### WORK TO COMPLETE
Please reproduce, exactly and with nothing added, the line containing "assert (g : forall" and every line after it to the end of the records.

[Stored data entries]
Lemma lex_homogeneous_set : exists H, unbounded_in_kappa lt H /\
  (lex_monotone H (fun u v => u <= v) \/ lex_monotone H (fun u v => v <= u)).
Proof.
  destruct (homogeneous_set lex_lt) as [H [HK [Hlex|Hnlex]]];
    exists H; (split; [now apply unbounded_iff_injects|]).
  - left. intros x y a Hx Hy Hxy Aa Hag. exact (lex_lt_le (Hlex x y Hx Hy Hxy) Aa Hag).
  - right. intros x y a Hx Hy Hxy Aa Hag.
    assert (Hne : x <> y) by (intros ->; exact (wo_irrefl W _ Hxy)).
    destruct (lex_lt_total Hne) as [L|L]; [exfalso; exact (Hnlex x y Hx Hy Hxy L)|].
    apply (lex_lt_le L Aa). intros a' Aa' Ha'. symmetry. exact (Hag a' Aa' Ha').
Qed.

Lemma lex_monotone_stabilizes H : unbounded_in_kappa lt H ->
  lex_monotone H (fun u v => u <= v) \/ lex_monotone H (fun u v => v <= u) ->
  forall a, A a -> exists b, stabilizes_at H (fun x => V x a) b.
Proof.
  intros UH Hmono a. induction a as [a IH] using (well_founded_induction (wo_wf W)). intros Aa.
  assert (Hprev : forall a', exists b, A a' -> a' < a -> stabilizes_at H (fun x => V x a') b).
  { intros a'. destruct (classic (A a' /\ a' < a)) as [[Aa' Ha']|N].
    - destruct (IH a' Ha' Aa') as [b Hb]. eauto.
    - exists a'. tauto. }
  destruct (choice _ Hprev) as [beta Hbeta].
  destruct (image_segment_bounded beta a) as [b0 Hb0].
  set (P x := H x /\ b0 < x).
  assert (UP : unbounded_in_kappa lt P).
  { intros b. destruct (common_upper_bound b b0) as [z [Hbz Hb0z]].
    destruct (UH z) as [x [Hx Hzx]]. exists x. split; [split|]; eauto using lt_trans. }
  assert (Hagree : forall x y, P x -> P y -> agree_below x y a).
  { intros x y [Hx Hb0x] [Hy Hb0y] a' Aa' Ha'. destruct (Hbeta a' Aa' Ha') as [_ Hconst].
    rewrite (Hconst x Hx), (Hconst y Hy); [reflexivity | left; eauto using lt_trans ..]. }
  assert (HP : exists b, stabilizes_at P (fun x => V x a) b).
  { destruct Hmono as [Hup|Hdown].
    - apply (@nondecreasing_bounded_stabilizes _ _ a UP); [intros x _; exact (V_below x Aa)|].
      intros x y Px Py Hxy. apply Hup; auto; [apply Px | apply Py].
    - apply nonincreasing_stabilizes; [destruct (UP a) as [x [Px _]]; eauto|].
      intros x y Px Py Hxy. apply Hdown; auto; [apply Px | apply Py]. }
  destruct HP as [b [[Hb Hb0b] Hconst]].
  exists b. split; [exact Hb|]. intros x Hx Hbx. apply Hconst; [split; [exact Hx|] | exact Hbx].
  exact (lt_le_trans Hb0b Hbx).
Qed.

Lemma nonstationary_family_bounded C : club lt C -> (forall a, A a -> ~ C a) ->
  exists E, unbounded_in_kappa lt E /\
    forall a, A a -> exists y, y < a /\ forall x, E x -> V x a < y.
Proof.
  intros [Ccl Cun] HAC.
  destruct lex_homogeneous_set as [H [UH Hmono]].
  assert (Hstab : forall a, exists b, A a -> stabilizes_at H (fun x => V x a) b).
  { intros a. destruct (classic (A a)) as [Aa|N].
    - destruct (lex_monotone_stabilizes UH Hmono Aa) as [b Hb]. eauto.
    - exists a. tauto. }
  destruct (choice _ Hstab) as [beta Hbeta].
  destruct (choice _ UH) as [next Hnext].
  set (E0 d := C d /\ forall x, x < d -> beta x < d).
  assert (E0club : club lt E0)
    by (apply club_inter; [split; assumption | apply closure_points_club]).
  exists (fun x => exists d, E0 d /\ x = next d). split.
  - intros b. destruct (proj2 E0club b) as [d [E0d Hbd]].
    exists (next d). split; [eauto | exact (lt_trans Hbd (proj2 (Hnext d)))].
  - intros a Aa.
    assert (NL : ~ limit_point E0 a).
    { intros [[x [E0x Hx]] Hlim]. apply (HAC a Aa), Ccl; [exists x; split; [apply E0x | exact Hx]|].
      intros b Hb. destruct (Hlim b Hb) as (d & E0d & Hbd).
      exists d. split; [apply E0d | exact Hbd]. }
    destruct (regular_image_bounded (h := fun d => V (next d) a) (A_regular Aa) NL) as [b [Hba Hb]];
      [intros d _ _; exact (V_below _ Aa)|].
    destruct (Hbeta a Aa) as [_ Hconst].
    destruct (regular_upper_bound (A_regular Aa) Hba (V_below (beta a) Aa))
      as (y & Hya & Hby & Hvy).
    exists y. split; [exact Hya|]. intros x [d [E0d ->]].
    destruct (wo_total W d a) as [L|[->|L]].
    + exact (lt_trans (Hb d E0d L) Hby).
    + exfalso. exact (HAC a Aa (proj1 E0d)).
    + rewrite (Hconst (next d)); [exact Hvy | apply Hnext |].
      left. exact (lt_trans (proj2 E0d a L) (proj2 (Hnext d))).
Qed.

End Lexicographic.

(* The value [a] off [A] is arbitrary. *)
Definition prod_value (f : prodA lt A) (a : K) : K :=
  match excluded_middle_informative (A a) with
  | left h => proj1_sig (f (exist A a h))
  | right _ => a
  end.

Lemma prod_value_eq f a (h : A a) : prod_value f a = proj1_sig (f (exist A a h)).
Proof.
  unfold prod_value. destruct excluded_middle_informative as [h'|]; [|contradiction].
  now rewrite (proof_irrelevance _ h h').
Qed.

Lemma prod_value_lt f a : A a -> prod_value f a < a.
Proof. intros h. rewrite (prod_value_eq f h). exact (proj2_sig (f (exist A a h))). Qed.

Lemma prod_value_inj f g : (forall a, A a -> prod_value f a = prod_value g a) -> f = g.
Proof.
  intros E. apply functional_extensionality_dep. intros [a h]. apply sig_eq.
  rewrite <- !prod_value_eq. exact (E a h).
Qed.

Lemma nonstationary_not_spec : ~ stationary lt A -> ~ kappa_in_spec lt A.
Proof.
  intros NS [F [HF Hspec]].
  assert (HC : exists C, club lt C /\ forall a, A a -> ~ C a).
  { apply not_all_ex_not in NS as [C NC]. apply imply_to_and in NC as [HC NC].
    exists C. split; [exact HC|]. intros a Aa Ca. eauto. }
  destruct HC as [C [HC HAC]].
  apply equipotent_fullset_iff_injects in HF as [_ [e He]].
  set (u x := proj1_sig (e x)).
  assert (u_inj : Injective u) by (intros x y E; apply He, sig_eq, E).
  set (V x a := prod_value (u x) a).
  assert (V_separates : forall x y, x <> y -> exists a, A a /\ V x a <> V y a).
  { intros x y Hxy. apply NNPP. intros N. apply Hxy, u_inj, prod_value_inj.
    intros a Aa. apply NNPP. intros N'. apply N. eauto. }
  destruct (nonstationary_family_bounded (fun x a => @prod_value_lt (u x) a) V_separates HC HAC)
    as [E [UE Hbound]].
  assert (g : forall a : {a | A a},
               {y | y < proj1_sig a /\ forall x, E x -> V x (proj1_sig a) < y}).
  { intros [a Aa]. apply constructive_indefinite_description, Hbound, Aa. }
  apply (Hspec (fun f => exists x, E x /\ f = u x)).
  - intros f [x [_ ->]]. exact (proj2_sig (e x)).
  - apply equipotent_fullset_iff_injects. split.
    + eapply injects_trans; [|apply (injects_proj1 E)].
      apply (injects_image (f := u)). intros f [x [Ex ->]]. eauto.
    + eapply injects_trans; [apply unbounded_iff_injects, UE|].
      apply (injects_map (f := u)); [eauto | intros x y _ _; apply u_inj].
  - exists (fun a => exist _ (proj1_sig (g a)) (proj1 (proj2_sig (g a)))).
    intros f [x [Ex ->]] [a Aa]. simpl.
    pose proof (proj2 (proj2_sig (g (exist A a Aa))) x Ex) as Hx. simpl in Hx.
    unfold V in Hx. rewrite (prod_value_eq _ Aa) in Hx. exact Hx.
Qed.

End Spectrum.
End WeaklyCompact.
End Kappa.

Theorem theorem4p2 (K : Type) (lt : K -> K -> Prop) :
  wellorder lt -> weakly_compact lt ->
  forall A : K -> Prop,
    (forall a, A a -> regular_elt lt a) ->
    unbounded_in_kappa lt A ->
    (~ stationary lt A -> ~ kappa_in_spec lt A) /\
    (kappa_in_spec lt A <-> stationary lt A).
Proof.
  intros W WC A HA UA.
  assert (no_max : forall x, exists y, lt x y) by (intros x; destruct (UA x) as [a [_ Hxa]]; eauto).
  pose proof (nonstationary_not_spec W WC no_max HA) as Hnonstat.
  split; [exact Hnonstat|]. split.
  - intros Hspec. apply NNPP. intros NS. exact (Hnonstat NS Hspec).
  - exact (stationary_spec W WC no_max HA UA).
Qed.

### RESULT FOR THIS TASK
  assert (g : forall a : {a | A a},
               {y | y < proj1_sig a /\ forall x, E x -> V x (proj1_sig a) < y}).
  { intros [a Aa]. apply constructive_indefinite_description, Hbound, Aa. }
  apply (Hspec (fun f => exists x, E x /\ f = u x)).
  - intros f [x [_ ->]]. exact (proj2_sig (e x)).
  - apply equipotent_fullset_iff_injects. split.
    + eapply injects_trans; [|apply (injects_proj1 E)].
      apply (injects_image (f := u)). intros f [x [Ex ->]]. eauto.
    + eapply injects_trans; [apply unbounded_iff_injects, UE|].
      apply (injects_map (f := u)); [eauto | intros x y _ _; apply u_inj].
  - exists (fun a => exist _ (proj1_sig (g a)) (proj1 (proj2_sig (g a)))).
    intros f [x [Ex ->]] [a Aa]. simpl.
    pose proof (proj2 (proj2_sig (g (exist A a Aa))) x Ex) as Hx. simpl in Hx.
    unfold V in Hx. rewrite (prod_value_eq _ Aa) in Hx. exact Hx.
Qed.

End Spectrum.
End WeaklyCompact.
End Kappa.

Theorem theorem4p2 (K : Type) (lt : K -> K -> Prop) :
  wellorder lt -> weakly_compact lt ->
  forall A : K -> Prop,
    (forall a, A a -> regular_elt lt a) ->
    unbounded_in_kappa lt A ->
    (~ stationary lt A -> ~ kappa_in_spec lt A) /\
    (kappa_in_spec lt A <-> stationary lt A).
Proof.
  intros W WC A HA UA.
  assert (no_max : forall x, exists y, lt x y) by (intros x; destruct (UA x) as [a [_ Hxa]]; eauto).
  pose proof (nonstationary_not_spec W WC no_max HA) as Hnonstat.
  split; [exact Hnonstat|]. split.
  - intros Hspec. apply NNPP. intros NS. exact (Hnonstat NS Hspec).
  - exact (stationary_spec W WC no_max HA UA).
Qed.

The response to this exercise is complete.